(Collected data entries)
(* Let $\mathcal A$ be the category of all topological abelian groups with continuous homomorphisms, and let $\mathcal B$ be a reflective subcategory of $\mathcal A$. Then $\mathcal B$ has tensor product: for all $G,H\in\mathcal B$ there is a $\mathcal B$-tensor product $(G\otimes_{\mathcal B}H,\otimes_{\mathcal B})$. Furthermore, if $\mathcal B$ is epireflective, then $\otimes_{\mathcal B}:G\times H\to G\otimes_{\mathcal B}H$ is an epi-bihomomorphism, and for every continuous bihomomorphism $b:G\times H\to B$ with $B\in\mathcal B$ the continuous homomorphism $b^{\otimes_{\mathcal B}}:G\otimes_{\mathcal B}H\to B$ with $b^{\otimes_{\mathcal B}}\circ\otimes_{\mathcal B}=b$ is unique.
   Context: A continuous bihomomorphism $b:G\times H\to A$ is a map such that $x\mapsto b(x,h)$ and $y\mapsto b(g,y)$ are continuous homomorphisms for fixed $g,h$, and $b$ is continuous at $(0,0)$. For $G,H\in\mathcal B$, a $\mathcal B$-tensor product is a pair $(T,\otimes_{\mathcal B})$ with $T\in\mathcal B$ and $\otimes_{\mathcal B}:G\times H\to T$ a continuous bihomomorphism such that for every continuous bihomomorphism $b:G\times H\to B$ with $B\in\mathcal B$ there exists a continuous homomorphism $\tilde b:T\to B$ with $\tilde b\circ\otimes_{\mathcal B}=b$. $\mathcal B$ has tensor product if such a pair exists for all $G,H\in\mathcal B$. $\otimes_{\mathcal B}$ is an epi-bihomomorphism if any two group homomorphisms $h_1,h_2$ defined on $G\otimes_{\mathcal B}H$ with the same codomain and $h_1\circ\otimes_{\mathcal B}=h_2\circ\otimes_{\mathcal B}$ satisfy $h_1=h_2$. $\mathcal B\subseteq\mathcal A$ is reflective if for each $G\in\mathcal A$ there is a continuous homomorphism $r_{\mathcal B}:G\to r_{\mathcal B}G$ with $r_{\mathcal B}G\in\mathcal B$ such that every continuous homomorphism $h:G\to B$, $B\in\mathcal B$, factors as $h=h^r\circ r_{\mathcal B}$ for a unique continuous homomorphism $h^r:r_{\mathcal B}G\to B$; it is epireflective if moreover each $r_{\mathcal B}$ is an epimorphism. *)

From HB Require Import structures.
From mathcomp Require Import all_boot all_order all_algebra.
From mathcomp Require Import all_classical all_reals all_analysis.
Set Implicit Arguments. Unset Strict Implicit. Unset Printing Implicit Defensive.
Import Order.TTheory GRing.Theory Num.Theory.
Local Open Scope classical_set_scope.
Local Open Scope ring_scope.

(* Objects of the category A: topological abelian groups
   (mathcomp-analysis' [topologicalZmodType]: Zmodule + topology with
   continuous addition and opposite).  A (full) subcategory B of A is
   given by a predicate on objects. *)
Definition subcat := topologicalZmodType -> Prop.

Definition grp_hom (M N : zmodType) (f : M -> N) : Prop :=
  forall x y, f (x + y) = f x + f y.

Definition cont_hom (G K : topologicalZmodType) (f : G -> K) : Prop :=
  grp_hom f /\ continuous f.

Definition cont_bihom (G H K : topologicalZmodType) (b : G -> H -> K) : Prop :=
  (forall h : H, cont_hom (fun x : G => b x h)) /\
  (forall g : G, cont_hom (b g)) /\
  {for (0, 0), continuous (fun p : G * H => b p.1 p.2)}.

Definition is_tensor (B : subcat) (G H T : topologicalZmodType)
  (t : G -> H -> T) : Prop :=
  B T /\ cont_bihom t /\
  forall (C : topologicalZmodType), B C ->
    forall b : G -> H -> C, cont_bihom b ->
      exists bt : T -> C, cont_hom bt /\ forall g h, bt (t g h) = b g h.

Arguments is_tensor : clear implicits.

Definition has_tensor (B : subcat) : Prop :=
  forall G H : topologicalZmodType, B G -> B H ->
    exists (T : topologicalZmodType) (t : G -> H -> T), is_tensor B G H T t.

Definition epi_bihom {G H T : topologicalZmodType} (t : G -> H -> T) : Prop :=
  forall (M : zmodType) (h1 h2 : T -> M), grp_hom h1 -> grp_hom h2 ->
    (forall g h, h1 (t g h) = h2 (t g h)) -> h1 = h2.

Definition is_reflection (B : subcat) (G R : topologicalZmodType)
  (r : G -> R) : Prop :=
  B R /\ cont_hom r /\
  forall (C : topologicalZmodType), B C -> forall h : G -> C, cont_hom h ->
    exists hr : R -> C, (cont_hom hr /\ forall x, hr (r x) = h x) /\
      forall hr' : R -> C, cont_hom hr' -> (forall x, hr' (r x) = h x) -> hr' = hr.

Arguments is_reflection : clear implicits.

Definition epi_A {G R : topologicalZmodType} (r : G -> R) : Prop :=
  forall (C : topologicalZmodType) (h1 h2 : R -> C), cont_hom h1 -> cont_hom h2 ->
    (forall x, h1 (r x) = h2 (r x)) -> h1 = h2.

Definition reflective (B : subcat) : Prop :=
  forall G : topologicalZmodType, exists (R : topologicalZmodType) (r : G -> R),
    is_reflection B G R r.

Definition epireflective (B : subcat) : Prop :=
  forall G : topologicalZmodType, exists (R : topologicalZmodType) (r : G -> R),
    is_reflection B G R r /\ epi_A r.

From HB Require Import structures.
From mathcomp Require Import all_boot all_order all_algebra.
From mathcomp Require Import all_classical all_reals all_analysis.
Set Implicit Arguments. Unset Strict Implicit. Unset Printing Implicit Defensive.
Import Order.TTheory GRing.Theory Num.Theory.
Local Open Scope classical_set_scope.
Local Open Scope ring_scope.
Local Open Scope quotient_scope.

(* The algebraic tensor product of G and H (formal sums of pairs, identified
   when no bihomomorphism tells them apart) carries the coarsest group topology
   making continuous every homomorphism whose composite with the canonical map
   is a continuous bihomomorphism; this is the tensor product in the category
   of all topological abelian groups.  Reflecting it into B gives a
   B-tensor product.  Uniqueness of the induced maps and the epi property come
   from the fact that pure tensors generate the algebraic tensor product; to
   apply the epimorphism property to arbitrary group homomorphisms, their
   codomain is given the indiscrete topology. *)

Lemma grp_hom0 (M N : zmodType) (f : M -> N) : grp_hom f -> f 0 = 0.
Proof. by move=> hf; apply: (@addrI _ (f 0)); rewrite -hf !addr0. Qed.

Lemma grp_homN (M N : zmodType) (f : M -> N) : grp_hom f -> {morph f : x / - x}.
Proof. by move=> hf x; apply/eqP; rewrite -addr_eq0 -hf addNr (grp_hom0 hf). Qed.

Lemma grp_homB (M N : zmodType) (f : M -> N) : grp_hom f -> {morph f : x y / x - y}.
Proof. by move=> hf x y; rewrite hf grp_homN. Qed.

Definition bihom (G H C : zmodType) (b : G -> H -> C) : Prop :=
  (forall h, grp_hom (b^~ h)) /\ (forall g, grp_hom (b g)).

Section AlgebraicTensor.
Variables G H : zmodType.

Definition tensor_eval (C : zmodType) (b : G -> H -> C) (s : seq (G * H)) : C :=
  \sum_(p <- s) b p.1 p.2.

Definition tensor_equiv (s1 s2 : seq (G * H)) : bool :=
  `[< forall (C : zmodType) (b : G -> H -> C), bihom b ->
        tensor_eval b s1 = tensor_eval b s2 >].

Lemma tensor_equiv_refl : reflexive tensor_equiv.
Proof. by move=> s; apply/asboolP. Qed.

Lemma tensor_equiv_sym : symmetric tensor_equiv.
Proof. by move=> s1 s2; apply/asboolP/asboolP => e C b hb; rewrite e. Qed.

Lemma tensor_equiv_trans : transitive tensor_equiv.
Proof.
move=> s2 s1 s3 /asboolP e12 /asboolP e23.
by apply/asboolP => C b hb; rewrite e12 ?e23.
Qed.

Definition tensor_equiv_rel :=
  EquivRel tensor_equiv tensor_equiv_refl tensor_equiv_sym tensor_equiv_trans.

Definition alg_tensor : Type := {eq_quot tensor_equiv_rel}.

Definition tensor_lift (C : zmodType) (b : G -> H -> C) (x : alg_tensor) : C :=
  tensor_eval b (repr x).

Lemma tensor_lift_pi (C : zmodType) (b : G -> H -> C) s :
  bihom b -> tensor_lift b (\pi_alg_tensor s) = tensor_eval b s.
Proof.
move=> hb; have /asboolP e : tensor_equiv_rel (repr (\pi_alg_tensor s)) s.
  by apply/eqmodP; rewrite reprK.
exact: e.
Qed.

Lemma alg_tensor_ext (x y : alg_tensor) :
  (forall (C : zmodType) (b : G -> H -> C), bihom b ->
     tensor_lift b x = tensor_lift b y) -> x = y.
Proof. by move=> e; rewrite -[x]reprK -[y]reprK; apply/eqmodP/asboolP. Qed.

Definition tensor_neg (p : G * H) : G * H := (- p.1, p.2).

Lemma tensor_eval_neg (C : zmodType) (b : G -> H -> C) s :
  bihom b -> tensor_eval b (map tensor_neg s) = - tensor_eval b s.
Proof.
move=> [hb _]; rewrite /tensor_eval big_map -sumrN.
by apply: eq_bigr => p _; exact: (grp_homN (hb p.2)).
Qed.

■ **Description of the task**
Of the lines above, retype only those from the line containing "Definition subcat := topologicalZmodType" through the line containing "Definition cont_bihom (G", including both, exactly.

■ **Answer area**
Definition subcat := topologicalZmodType -> Prop.

Definition grp_hom (M N : zmodType) (f : M -> N) : Prop :=
  forall x y, f (x + y) = f x + f y.

Definition cont_hom (G K : topologicalZmodType) (f : G -> K) : Prop :=
  grp_hom f /\ continuous f.

Definition cont_bihom (G H K : topologicalZmodType) (b : G -> H -> K) : Prop :=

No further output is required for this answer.